Pietrini P, Furey M L, Graff-Radford N, Freo U, Alexander G E, Grady C L, Dani A, Mentis M J, Schapiro M B
Laboratory of Neurosciences, National Institute on Aging, Bethesda MD 20892, USA.
Am J Psychiatry. 1996 Oct;153(10):1261-8. doi: 10.1176/ajp.153.10.1261.
A subgroup of patients with Alzheimer's disease present with visual disturbances at onset. This study investigated whether specific cortical networks associated with visual processes are preferentially affected in this subgroup and determined the clinical implications of such abnormalities.
Regional cerebral glucose metabolic rates were assessed with positron emission tomography and [18F]2-fluoro-2-deoxy-D-glucose, and general intellectual functions, memory, and visual skills were measured with cognitive tests in patients with probable Alzheimer's disease-10 with and 22 without prominent visual symptoms-and in 25 healthy comparison subjects.
Both patient groups showed reduced glucose metabolism in parietal regions and in middle and superior temporal regions in comparison with the healthy subjects. The Alzheimer's disease patients without visual symptoms also showed reductions in inferior temporal, frontal, and limbic structures, as is typical of Alzheimer's disease. In contrast, the patients with visual symptoms had larger metabolic deficits than the patients without visual symptoms in the parietal and occipital cortices (including the primary visual cortex), with a relative sparing of inferior temporal, frontal, and limbic regions. Consistently, the patients with visual symptoms had significantly greater visuospatial deficits and less severe memory impairments than the patients without visual symptoms.

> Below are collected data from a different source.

(* In the setting below, let $D$ be a down-square ($j\colon X\to Y$, $q\colon X\to Z$, $i\colon Z\to W$, $p\colon Y\to W$, $\alpha\colon pj\Rightarrow iq$) such that $i,j$ are morphisms of $\mathcal A\cap\mathcal B$, $\epsilon^{\mathcal B}_i$ and $\epsilon^{\mathcal B}_j$ are invertible, and $\alpha$ is invertible. Let $D'$ be the down-square with edges $q\colon X\to Z$ (top), $j\colon X\to Y$ (left), $p\colon Y\to W$ (bottom), $i\colon Z\to W$ (right) and $2$-cell $\alpha^{-1}\colon iq\Rightarrow pj$. Then the composite $j_!q^*\xRightarrow{A_D}p^*i_!\xRightarrow{\rho_i}p^*i_*\xRightarrow{B_{D'}}j_*q^*$ equals $j_!q^*\xRightarrow{\rho_j}j_*q^*$.
   Context: Setting. $\mathcal C,\mathcal D$ are $2$-categories; $\mathcal A,\mathcal B$ are $2$-subcategories of $\mathcal C$ (hom-inclusions fully faithful and injective on objects). Given: a pseudofunctor $\mathcal C\to\mathcal D^{\mathrm{coop}}$, $X\mapsto X$, $f\mapsto f^*$ ($f\colon X\to Y$ gives $f^*\colon Y\to X$), $(\alpha\colon f\Rightarrow g)\mapsto\alpha^*\colon g^*\Rightarrow f^*$, coherence $(gf)^*\cong f^*g^*$; pseudofunctors $\mathcal B\to\mathcal D$, $p\mapsto p_*$, and $\mathcal A\to\mathcal D$, $i\mapsto i_!$; adjunctions $p^*\dashv p_*$ (unit $\eta_p\colon1\Rightarrow p_*p^*$, counit $\epsilon_p\colon p^*p_*\Rightarrow1$) for $p\in\mathcal B$ and $i_!\dashv i^*$ (unit $\eta_i\colon1\Rightarrow i^*i_!$, counit $\epsilon_i\colon i_!i^*\Rightarrow1$) for $i\in\mathcal A$, compatible with the pseudofunctor structures (units/counits of composites correspond under coherence isomorphisms to composites; $2$-cells act by mates). For $f\in\mathcal A\cap\mathcal B$ write $\eta^{\mathcal B}_f,\epsilon^{\mathcal B}_f$ for the unit/counit of $f^*\dashv f_*$ and $\eta^{\mathcal A}_f,\epsilon^{\mathcal A}_f$ for those of $f_!\dashv f^*$. $\cong$ denotes coherence isomorphisms. A down-square $D$: $j\colon X\to Y$, $q\colon X\to Z$, $i\colon Z\to W$, $p\colon Y\to W$, $\alpha\colon pj\Rightarrow iq$. If $p,q\in\mathcal B$: $B_D\colon i^*p_*\Rightarrow q_*j^*$ is $i^*p_*\xRightarrow{\eta_q}q_*q^*i^*p_*\cong q_*(iq)^*p_*\xRightarrow{\alpha^*}q_*(pj)^*p_*\cong q_*j^*p^*p_*\xRightarrow{\epsilon_p}q_*j^*$. If $i,j\in\mathcal A$: $A_D\colon j_!q^*\Rightarrow p^*i_!$ is $j_!q^*\xRightarrow{\eta_i}j_!q^*i^*i_!\cong j_!(iq)^*i_!\xRightarrow{\alpha^*}j_!(pj)^*i_!\cong j_!j^*p^*i_!\xRightarrow{\epsilon_j}p^*i_!$. For $f\in\mathcal A\cap\mathcal B$ with $\epsilon^{\mathcal B}_f$ invertible (equivalently $\eta^{\mathcal A}_f$ invertible), $\rho_f\colon f_!\Rightarrow f_*$ is $f_!\xRightarrow{\eta^{\mathcal B}_f}f_*f^*f_!\xRightarrow{(\eta^{\mathcal A}_f)^{-1}}f_*$. *)

Set Implicit Arguments.

Record BicatData := {
  ob : Type;
  hom : ob -> ob -> Type;
  cell : forall a b, hom a b -> hom a b -> Type;
  id1 : forall a, hom a a;
  comp1 : forall a b c, hom b c -> hom a b -> hom a c;   (* comp1 g f = g o f *)
  id2 : forall a b (f : hom a b), cell f f;
  vcomp : forall a b (f g h : hom a b), cell g h -> cell f g -> cell f h;
  hcomp : forall a b c (g g' : hom b c) (f f' : hom a b),
      cell g g' -> cell f f' -> cell (comp1 g f) (comp1 g' f');
  assoc : forall a b c d (h : hom c d) (g : hom b c) (f : hom a b),
      cell (comp1 h (comp1 g f)) (comp1 (comp1 h g) f);
  assoc_inv : forall a b c d (h : hom c d) (g : hom b c) (f : hom a b),
      cell (comp1 (comp1 h g) f) (comp1 h (comp1 g f));
  lunit : forall a b (f : hom a b), cell (comp1 (id1 b) f) f;
  lunit_inv : forall a b (f : hom a b), cell f (comp1 (id1 b) f);
  runit : forall a b (f : hom a b), cell (comp1 f (id1 a)) f;
  runit_inv : forall a b (f : hom a b), cell f (comp1 f (id1 a))
}.

Arguments hom {b0} _ _.
Arguments cell {b0 a b} _ _.
Arguments id1 {b0} a.
Arguments comp1 {b0 a b c} _ _.
Arguments id2 {b0 a b} f.
Arguments vcomp {b0 a b f g h} _ _.
Arguments hcomp {b0 a b c g g' f f'} _ _.
Arguments assoc {b0 a b c d} h g f.
Arguments assoc_inv {b0 a b c d} h g f.
Arguments lunit {b0 a b} f.
Arguments lunit_inv {b0 a b} f.
Arguments runit {b0 a b} f.
Arguments runit_inv {b0 a b} f.

(* diagrammatic vertical composition: first [x], then [y] *)
Notation "x >>> y" := (vcomp y x) (at level 50, left associativity).

Record BicatLaws (B : BicatData) : Prop := {
  vid_l : forall (a b : ob B) (f g : hom a b) (x : cell f g), vcomp (id2 g) x = x;
  vid_r : forall (a b : ob B) (f g : hom a b) (x : cell f g), vcomp x (id2 f) = x;
  vassoc : forall (a b : ob B) (f g h k : hom a b) (x : cell f g) (y : cell g h) (z : cell h k),
      vcomp z (vcomp y x) = vcomp (vcomp z y) x;
  hcomp_id : forall (a b c : ob B) (g : hom b c) (f : hom a b),
      hcomp (id2 g) (id2 f) = id2 (comp1 g f);
  interchange : forall (a b c : ob B) (g g' g'' : hom b c) (f f' f'' : hom a b)
      (y : cell g g') (y' : cell g' g'') (x : cell f f') (x' : cell f' f''),
      hcomp (vcomp y' y) (vcomp x' x) = vcomp (hcomp y' x') (hcomp y x);
  assoc_nat : forall (a b c d : ob B) (h h' : hom c d) (g g' : hom b c) (f f' : hom a b)
      (z : cell h h') (y : cell g g') (x : cell f f'),
      vcomp (assoc h' g' f') (hcomp z (hcomp y x))
      = vcomp (hcomp (hcomp z y) x) (assoc h g f);
  assoc_iso1 : forall (a b c d : ob B) (h : hom c d) (g : hom b c) (f : hom a b),
      vcomp (assoc_inv h g f) (assoc h g f) = id2 _;
  assoc_iso2 : forall (a b c d : ob B) (h : hom c d) (g : hom b c) (f : hom a b),
      vcomp (assoc h g f) (assoc_inv h g f) = id2 _;
  lunit_nat : forall (a b : ob B) (f f' : hom a b) (x : cell f f'),
      vcomp (lunit f') (hcomp (id2 (id1 b)) x) = vcomp x (lunit f);
  runit_nat : forall (a b : ob B) (f f' : hom a b) (x : cell f f'),
      vcomp (runit f') (hcomp x (id2 (id1 a))) = vcomp x (runit f);
  lunit_iso1 : forall (a b : ob B) (f : hom a b), vcomp (lunit_inv f) (lunit f) = id2 _;
  lunit_iso2 : forall (a b : ob B) (f : hom a b), vcomp (lunit f) (lunit_inv f) = id2 _;
  runit_iso1 : forall (a b : ob B) (f : hom a b), vcomp (runit_inv f) (runit f) = id2 _;
  runit_iso2 : forall (a b : ob B) (f : hom a b), vcomp (runit f) (runit_inv f) = id2 _;
  pentagon : forall (a b c d e : ob B) (k : hom d e) (h : hom c d) (g : hom b c) (f : hom a b),
      vcomp (assoc (comp1 k h) g f) (assoc k h (comp1 g f))
      = vcomp (hcomp (assoc k h g) (id2 f))
          (vcomp (assoc k (comp1 h g) f) (hcomp (id2 k) (assoc h g f)));
  triangle : forall (a b c : ob B) (g : hom b c) (f : hom a b),
      vcomp (hcomp (runit g) (id2 f)) (assoc g (id1 b) f) = hcomp (id2 g) (lunit f)
}.

Record Bicat := { bdata :> BicatData; blaws : BicatLaws bdata }.

Definition IsStrict (B : BicatData) : Prop :=
  (forall (a b c d : ob B) (h : hom c d) (g : hom b c) (f : hom a b),
      exists e : comp1 h (comp1 g f) = comp1 (comp1 h g) f,
        assoc h g f = eq_rect _ (fun k => cell (comp1 h (comp1 g f)) k)
                              (id2 (comp1 h (comp1 g f))) _ e) /\
  (forall (a b : ob B) (f : hom a b),
      exists e : comp1 (id1 b) f = f,
        lunit f = eq_rect _ (fun k => cell (comp1 (id1 b) f) k)
                          (id2 (comp1 (id1 b) f)) _ e) /\
  (forall (a b : ob B) (f : hom a b),
      exists e : comp1 f (id1 a) = f,
        runit f = eq_rect _ (fun k => cell (comp1 f (id1 a)) k)
                          (id2 (comp1 f (id1 a))) _ e).

Definition IsInverse {B : BicatData} {a b : ob B} {f g : hom a b}
  (x : cell f g) (y : cell g f) : Prop :=
  vcomp y x = id2 f /\ vcomp x y = id2 g.

Definition IsIso {B : BicatData} {a b : ob B} {f g : hom a b} (x : cell f g) : Prop :=
  exists y : cell g f, IsInverse x y.

Definition IsAdj {B : BicatData} {a b : ob B} (L : hom a b) (R : hom b a)
  (eta : cell (id1 a) (comp1 R L)) (eps : cell (comp1 L R) (id1 b)) : Prop :=
  runit_inv L >>> hcomp (id2 L) eta >>> assoc L R L >>> hcomp eps (id2 L) >>> lunit L
    = id2 L /\
  lunit_inv R >>> hcomp eta (id2 R) >>> assoc_inv R L R >>> hcomp (id2 R) eps >>> runit R
    = id2 R.

Definition adj_comp_unit {B : BicatData} {x y z : ob B} (L1 : hom x y) (R1 : hom y x)
  (L2 : hom y z) (R2 : hom z y)
  (eta1 : cell (id1 x) (comp1 R1 L1)) (eta2 : cell (id1 y) (comp1 R2 L2))
  : cell (id1 x) (comp1 (comp1 R1 R2) (comp1 L2 L1)) :=
  eta1 >>> hcomp (runit_inv R1) (id2 L1) >>> hcomp (hcomp (id2 R1) eta2) (id2 L1)
       >>> hcomp (assoc R1 R2 L2) (id2 L1) >>> assoc_inv (comp1 R1 R2) L2 L1.

Definition adj_comp_counit {B : BicatData} {x y z : ob B} (L1 : hom x y) (R1 : hom y x)
  (L2 : hom y z) (R2 : hom z y)
  (eps1 : cell (comp1 L1 R1) (id1 y)) (eps2 : cell (comp1 L2 R2) (id1 z))
  : cell (comp1 (comp1 L2 L1) (comp1 R1 R2)) (id1 z) :=
  assoc_inv L2 L1 (comp1 R1 R2) >>> hcomp (id2 L2) (assoc L1 R1 R2)
    >>> hcomp (id2 L2) (hcomp eps1 (id2 R2)) >>> hcomp (id2 L2) (lunit R2) >>> eps2.

Definition right_mate {B : BicatData} {a b : ob B} (L L' : hom b a) (R R' : hom a b)
  (eta' : cell (id1 b) (comp1 R' L')) (eps : cell (comp1 L R) (id1 a))
  (s : cell L' L) : cell R R' :=
  lunit_inv R >>> hcomp eta' (id2 R) >>> assoc_inv R' L' R
    >>> hcomp (id2 R') (hcomp s (id2 R)) >>> hcomp (id2 R') eps >>> runit R'.

Definition left_mate {B : BicatData} {a b : ob B} (L L' : hom a b) (R R' : hom b a)
  (eta' : cell (id1 a) (comp1 R' L')) (eps : cell (comp1 L R) (id1 b))
  (s : cell R' R) : cell L L' :=
  runit_inv L >>> hcomp (id2 L) eta' >>> hcomp (id2 L) (hcomp s (id2 L'))
    >>> assoc L R L' >>> hcomp eps (id2 L') >>> lunit L'.

Record Sub2 (C : BicatData) := {
  sob : ob C -> Prop;
  smor : forall a b, @hom C a b -> Prop;
  smor_src : forall (a b : ob C) (f : hom a b), smor a b f -> sob a;
  smor_tgt : forall (a b : ob C) (f : hom a b), smor a b f -> sob b;
  sid : forall (a : ob C), sob a -> smor a a (id1 a);
  scomp : forall (a b c : ob C) (f : hom a b) (g : hom b c), smor a b f -> smor b c g -> smor a c (comp1 g f)
}.
Arguments sob {C} _ _.
Arguments smor {C} _ {a b} f.
Arguments smor_src {C s a b f} _.
Arguments smor_tgt {C s a b f} _.
Arguments sid {C s a} _.
Arguments scomp {C s a b c f g} _ _.

Record CoopPsfunData (C D : BicatData) := {
  F0 : ob C -> ob D;
  star : forall a b, @hom C a b -> hom (F0 b) (F0 a);
  star2 : forall (a b : ob C) (f g : hom a b), cell f g -> cell (star a b g) (star a b f);
  scmp : forall (a b c : ob C) (f : hom a b) (g : hom b c),
      cell (comp1 (star a b f) (star b c g)) (star a c (comp1 g f));
  scmp_inv : forall (a b c : ob C) (f : hom a b) (g : hom b c),
      cell (star a c (comp1 g f)) (comp1 (star a b f) (star b c g));
  sunit : forall (a : ob C), cell (id1 (F0 a)) (star a a (id1 a));
  sunit_inv : forall (a : ob C), cell (star a a (id1 a)) (id1 (F0 a))
}.
Arguments F0 {C D} _ a.
Arguments star {C D} _ {a b} _.
Arguments star2 {C D} _ {a b f g} _.
Arguments scmp {C D} _ {a b c} f g.
Arguments scmp_inv {C D} _ {a b c} f g.
Arguments sunit {C D} _ a.
Arguments sunit_inv {C D} _ a.

Record CoopPsfunLaws {C D : BicatData} (P : CoopPsfunData C D) : Prop := {
  star2_id : forall (a b : ob C) (f : @hom C a b), star2 P (id2 f) = id2 (star P f);
  star2_comp : forall (a b : ob C) (f g h : @hom C a b) (x : cell f g) (y : cell g h),
      star2 P (vcomp y x) = vcomp (star2 P x) (star2 P y);
  scmp_iso : forall (a b c : ob C) (f : @hom C a b) (g : hom b c),
      IsInverse (scmp P f g) (scmp_inv P f g);
  scmp_nat : forall (a b c : ob C) (f f' : @hom C a b) (g g' : hom b c) (x : cell f f') (y : cell g g'),
      vcomp (scmp P f g) (hcomp (star2 P x) (star2 P y))
      = vcomp (star2 P (hcomp y x)) (scmp P f' g');
  sunit_iso : forall (a : ob C), IsInverse (sunit P a) (sunit_inv P a);
  scmp_assoc : forall (a b c d : ob C) (f : @hom C a b) (g : hom b c) (h : hom c d),
      vcomp (scmp P f (comp1 h g)) (hcomp (id2 (star P f)) (scmp P g h))
      = vcomp (star2 P (assoc_inv h g f))
          (vcomp (scmp P (comp1 g f) h)
             (vcomp (hcomp (scmp P f g) (id2 (star P h)))
                (assoc (star P f) (star P g) (star P h))));
  scmp_lunit : forall (a b : ob C) (f : @hom C a b),
      lunit_inv (star P f) >>> hcomp (sunit P a) (id2 (star P f))
        >>> scmp P (id1 a) f >>> star2 P (runit_inv f) = id2 (star P f);
  scmp_runit : forall (a b : ob C) (f : @hom C a b),
      runit_inv (star P f) >>> hcomp (id2 (star P f)) (sunit P b)
        >>> scmp P f (id1 b) >>> star2 P (lunit_inv f) = id2 (star P f)
}.

Record CoopPsfun (C D : BicatData) :=
  { cpdata :> CoopPsfunData C D; cplaws : CoopPsfunLaws cpdata }.
Lemma invertible_mul (a b : A) : invertible a -> invertible b -> invertible (a * b).
Proof.
move=> [u [au ua]] [v [bv vb]]; exists (v * u); split.
- by rewrite mulrA -(mulrA a) bv mulr1 au.
- by rewrite mulrA -(mulrA v) ua mulr1 vb.
Qed.

(* Spectral radius bound: a - nu is invertible as soon as nrm a < |nu|, by a Neumann
   series; hence every spectral value of a has modulus at most nrm a. *)
Lemma spectrum_bound {a : A} {nu : R[i]} : spectrum a nu -> normc nu <= nrm a.
Proof.
move=> sp; rewrite leNgt; apply/negP => lt; apply: sp.
have nu_gt0 : 0 < normc nu := le_lt_trans (cs_nrm_ge0 HA a) lt.
have nu0 : nu != 0 by apply: contraTneq nu_gt0 => ->; rewrite ComplexField.Normc.normc0 ltxx.
have -> : a - nu%:A = (- nu) *: (1 - nu^-1 *: a).
  by rewrite scalerBr scalerA mulNr mulfV // scaleN1r opprK scaleNr addrC.
apply: invertible_scale; first by rewrite oppr_eq0.
apply: neumann; rewrite (cs_nrm_scale HA) ComplexField.Normc.normcV.
by rewrite ltr_pdivrMl // mulr1.
Qed.

Lemma mul_add_scalars (a : A) (p q : R[i]) :
  (a + p%:A) * (a + q%:A) = a * a + (p + q) *: a + (p * q)%:A.
Proof.
rewrite mulrDl !mulrDr mulr_algr mulr_algl -scalerAl mul1r scalerA scalerDl.
by rewrite !addrA; congr (_ + _); exact: addrAC.
Qed.

(* For self-adjoint a and real s, the C*-identity gives
   nrm (a + i s) ^ 2 = nrm (a ^ 2 + s ^ 2) <= nrm a ^ 2 + s ^ 2. *)
Lemma nrm_add_imag {a : A} (s : R) : st a = a ->
  nrm (a + (Complex 0 s)%:A) ^+ 2 <= nrm a ^+ 2 + s ^+ 2.
Proof.
move=> sa; set c : R[i] := Complex 0 s.
rewrite -(cs_cstar_id HA) (cs_st_add HA) st_scalar sa mul_add_scalars.
have -> : (c^*)%C + c = 0 by apply/eqP; rewrite eq_complex /= addNr addr0 eqxx.
have -> : (c^*)%C * c = Complex (s ^+ 2) 0.
  by apply/eqP; rewrite eq_complex /=; apply/andP; split; apply/eqP; ring.
rewrite scale0r addr0; apply: le_trans (cs_nrm_tri HA _ _) _.
rewrite nrm_scalar /= expr0n /= addr0 sqrtr_sqr ger0_norm ?sqr_ge0 // lerD2r.
by rewrite -(cs_cstar_id HA) sa.
Qed.

(* If al + i be were a spectral value
   with be != 0, then al + i (be + s) would be one for a + i s; for the right choice of
   the real shift s this contradicts spectrum_bound and nrm_add_imag. *)
Lemma selfadjoint_spectrum_real {a : A} {lam : R[i]} :
  st a = a -> spectrum a lam -> complex.Im lam = 0.
Proof.
case: lam => al be sa sp /=; apply/eqP; apply: contraT => be0; exfalso.
set s := (nrm a ^+ 2 + 1) / (2 * be).
have hs : 2 * be * s = nrm a ^+ 2 + 1.
  by rewrite mulrC divfK // mulf_neq0 // pnatr_eq0.
have shifted : spectrum (a + (Complex 0 s)%:A) (Complex al (be + s)).
  have -> : Complex al (be + s) = Complex al be + Complex 0 s.
    by apply/eqP; rewrite eq_complex /= addr0 !eqxx.
  by rewrite /spectrum scalerDl opprD addrACA subrr addr0.
have nu_le := spectrum_bound shifted.
have sq_le := nrm_add_imag s sa.
have nu0 : 0 <= normc (Complex al (be + s)) by rewrite /= sqrtr_ge0.
have nu2 := normc_sqr al (be + s).
have sq_nu_le : normc (Complex al (be + s)) ^+ 2 <= nrm (a + (Complex 0 s)%:A) ^+ 2.
  by rewrite !expr2; apply: ler_pM.
rewrite nu2 in sq_nu_le; have al2 := sqr_ge0 al; have be2 := sqr_ge0 be.
clear sa sp shifted nu_le; clearbody s.
move: sq_le sq_nu_le hs; move: (nrm (a + _)) (nrm a) => X N; nra.
Qed.

Lemma selfadjoint_add_nonreal_invertible (a : A) (p : R[i]) :
  st a = a -> complex.Im p != 0 -> invertible (a + p%:A).
Proof.
move=> sa p0; have -> : a + p%:A = a - (- p)%:A by rewrite scaleNr opprK.
apply: contrapT => sp; move: p0 (selfadjoint_spectrum_real sa sp); clear sp.
by case: p => px py /= py0 /eqP; rewrite oppr_eq0 (negbTE py0).
Qed.

(* The square of a self-adjoint element z is positive: its spectrum is real, and for
   l < 0 the element z ^ 2 - l factors as (z + i r) (z - i r) with r = sqrt (- l). *)
Lemma sqr_selfadjoint_positive {z : A} : st z = z -> positive st (z * z).
Proof.
move=> sz; have szz : st (z * z) = z * z by rewrite (cs_st_mul HA) sz.
split=> // lam sp; have := selfadjoint_spectrum_real szz sp.
case: lam sp => l y sp /= y0; subst y; rewrite lecE /= eqxx /=.
rewrite leNgt; apply/negP => l0; apply: sp.
set r := Num.sqrt (- l).
have r0 : 0 < r by rewrite sqrtr_gt0 oppr_gt0.
have r2 : r ^+ 2 = - l by rewrite sqr_sqrtr // oppr_ge0 ltW.
have -> : z * z - (Complex l 0)%:A =
          (z + (Complex 0 r)%:A) * (z + (Complex 0 (- r))%:A).
  rewrite mul_add_scalars.
  have -> : Complex 0 r + Complex 0 (- r) = 0 :> R[i].
    by apply/eqP; rewrite eq_complex /= subrr addr0 eqxx.
  have -> : Complex 0 r * Complex 0 (- r) = - Complex l 0 :> R[i].
    apply/eqP; rewrite eq_complex /=; apply/andP; split; apply/eqP; last by ring.
    by rewrite -r2; ring.
  by rewrite scale0r addr0 scaleNr.
by apply: invertible_mul; apply: selfadjoint_add_nonreal_invertible;
  rewrite //= ?oppr_eq0 gt_eqF.
Qed.

Lemma corner_annihilator_ideal (x : A) :
  closed_ideal nrm (fun z => forall c d, x * c * z * d = 0).
Proof.
split.
- by move=> c d; rewrite mulr0 mul0r.
- by move=> a b Ha Hb c d; rewrite mulrDr mulrDl Ha Hb addr0.
- by move=> k a Ha c d; rewrite -scalerAr -scalerAl Ha scaler0.
- move=> a b Hb; split => c d.
  + by have := Hb (c * a) d; rewrite !mulrA.
  + by have := Hb c (a * d); rewrite !mulrA.
- move=> u l Hu cv c d.
  have cv0 : cvg (fun=> 0) (x * c * l * d).
    move=> e /(cvg_nrm_mulr d (cvg_nrm_mull (x * c) cv)) [N HN].
    by exists N => n /HN /=; rewrite Hu.
  exact: cvg_nrm_unique cv0 (cvg_nrm_cst 0).
Qed.

(* In a simple algebra, x A a != 0 whenever x and a are nonzero: otherwise a would
   lie in the proper ideal corner_annihilator_ideal x. *)
Lemma simple_corner_nonzero {x a : A} : simple_alg nrm -> x != 0 -> a != 0 ->
  exists c, x * c * a != 0.
Proof.
move=> simple x0 a0; apply: contrapT => /forallNP none.
have xca0 c : x * c * a = 0 by apply/eqP; apply: contrapT => /negP; exact: none.
case: (simple _ (corner_annihilator_ideal x)) => [trivial | full].
- by move/eqP: a0; apply; apply: trivial => c d; rewrite xca0 mul0r.
- by move/eqP: x0; apply; have := full 1 1 1; rewrite !mulr1.
Qed.

(* An element within eps of 1 - f, where nrm f <= 1 - eps, is within distance < 1
   of the unit and hence invertible. *)
Lemma invertible_near_one_sub {f g : A} {eps : R} :
  nrm f <= 1 - eps -> nrm (g - (1 - f)) < eps -> invertible g.
Proof.
move=> f_le g_near; have -> : g = 1 - (1 - g) by rewrite opprB addrC subrK.
apply: neumann; have -> : 1 - g = f - (g - (1 - f)).
  by rewrite [in RHS]opprB [in RHS]addrA [f + _]addrC subrK.
by apply: le_lt_trans (cs_nrm_tri HA _ _) _; rewrite nrmN; lra.
Qed.

End CStarAlgebra.

Lemma not_purely_infinite_witness {R : realType} {A : algType R[i]} :
  ~ finite_dim A -> ~ purely_infinite A ->
  exists a : A, a != 0 /\ forall p q, p * a * q != 1.
Proof.
move=> inf not_pi; apply: contrapT => none; apply: not_pi; split=> // a a0.
apply: contrapT => no_inv; apply: none; exists a; split=> // p q.
by apply/eqP => E; apply: no_inv; exists p, q.
Qed.

Theorem lemma3p3 (R : realType) (A : algType R[i]) (nrm : A -> R) (st : A -> A)
  (HA : is_cstar_algebra nrm st) (Hsimple : simple_alg nrm)
  (Hinf : ~ finite_dim A) (Hnpi : ~ purely_infinite A)
  (x : A) (Hx : positive st x) (Hx0 : x != 0)
  (eps : R) (Heps : 0 < eps) :
  exists y : A,
    [/\ in_hered nrm x y, positive st y, y != 0 &
        forall f : A, positive st f -> positive st (1 - f) ->
          cuntz_le nrm st (1 - f) y -> 1 - eps < nrm f].
Proof.
have [a [a0 no_unit]] := not_purely_infinite_witness Hinf Hnpi.
have [c w0] := simple_corner_nonzero HA Hsimple Hx0 a0.
have sx : st x = x by case: Hx.
set w := x * c * a in w0; set z := w * st w.
have sz : st z = z by rewrite /z (cs_st_mul HA) (cs_st_invol HA).
have z0 : z != 0 := mul_st_self_neq0 HA w0.
exists (z * z); split.
- move=> e e0; exists (c * a * st w * w * st a * st c).
  have -> : z * z = x * (c * a * st w * w * st a * st c) * x.
    by rewrite /z {2}/w !(cs_st_mul HA) sx /w !mulrA.
  by rewrite subrr (nrm0 HA).
- exact: (sqr_selfadjoint_positive HA sz).
- by rewrite -{1}sz; exact: (st_mul_self_neq0 HA z0).
move=> f _ _ [v cv]; rewrite ltNge; apply/negP => f_le.
have [N HN] := cv eps Heps.
have [u [_ u_inv]] := invertible_near_one_sub HA f_le (HN N (leqnn N)).
apply: (negP (no_unit (u * v N * x * c) (st w * w * st w * st (v N)))).
by rewrite -u_inv /z /w !mulrA.
Qed.
(* S is the stabilizer group of an [[n,k]] stabilizer code: an abelian subgroup
   of the n-qubit Pauli group not containing -1, with n-k independent generators
   (equivalently 2^(n-k) elements). *)
Definition stab_closed (n : nat) (S : {set bool * pstring n}) : Prop :=
  forall a b, a \in S -> b \in S ->
    exists c, c \in S /\ smat c = smat a *m smat b.

Definition stab_abelian (n : nat) (S : {set bool * pstring n}) : Prop :=
  forall a b, a \in S -> b \in S -> smat a *m smat b = smat b *m smat a.

Definition is_stabilizer_group (n k : nat) (S : {set bool * pstring n}) : Prop :=
  [/\ (k <= n)%N, #|S| = (2 ^ (n - k))%N,
      (false, pid n) \in S /\ (true, pid n) \notin S,
      stab_closed S & stab_abelian S].

Definition codespace_proj (n : nat) (S : {set bool * pstring n}) : 'M[C]_(2 ^ n) :=
  (#|S|%:R)^-1 *: \sum_(e in S) smat e.

Definition SL_A (n k : nat) (P : 'M[C]_(2 ^ n)) (i : nat) : C :=
  ((2 ^ (2 * k))%:R)^-1 *
  \sum_(s : pstring n | pweight s == i)
     \tr (pmat s *m P) * \tr (adjmx (pmat s) *m P).

Definition SL_B (n k : nat) (P : 'M[C]_(2 ^ n)) (i : nat) : C :=
  ((2 ^ k)%:R)^-1 *
  \sum_(s : pstring n | pweight s == i)
     \tr (pmat s *m P *m adjmx (pmat s) *m P).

Alzheimer's disease patients with visuospatial deficits who are studied while alive have a distinctive regional distribution of cerebral metabolic impairment that is related to specific cognitive deficits and that distinguishes them from patients with typical Alzheimer's disease. These findings imply that regional variations in brain dysfunction can occur in Alzheimer's disease, with differential involvement of cortical systems resulting in distinctive clinical subgroups.
一部分阿尔茨海默病患者在发病时伴有视觉障碍。本研究调查了与视觉过程相关的特定皮质网络在该亚组患者中是否受到优先影响,并确定了此类异常的临床意义。
采用正电子发射断层扫描和[18F]2-氟-2-脱氧-D-葡萄糖评估局部脑葡萄糖代谢率,并通过认知测试测量可能患有阿尔茨海默病的患者(10例有明显视觉症状,22例无明显视觉症状)以及25名健康对照者的一般智力功能、记忆力和视觉技能。
与健康受试者相比,两组患者的顶叶区域以及颞中、颞上区域的葡萄糖代谢均降低。无视觉症状的阿尔茨海默病患者还表现出颞下回、额叶和边缘结构的代谢降低,这是阿尔茨海默病的典型表现。相比之下,有视觉症状的患者在顶叶和枕叶皮质(包括初级视觉皮质)的代谢缺陷比无视觉症状的患者更大,而颞下回、额叶和边缘区域相对较少受累。一致地,有视觉症状的患者比无视觉症状的患者有更明显的视觉空间缺陷和较轻的记忆障碍。
生前研究的有视觉空间缺陷的阿尔茨海默病患者具有独特的脑代谢损害区域分布,这与特定的认知缺陷相关,并将他们与典型阿尔茨海默病患者区分开来。这些发现表明,阿尔茨海默病可能存在脑功能障碍的区域差异,皮质系统的不同受累导致了独特的临床亚组。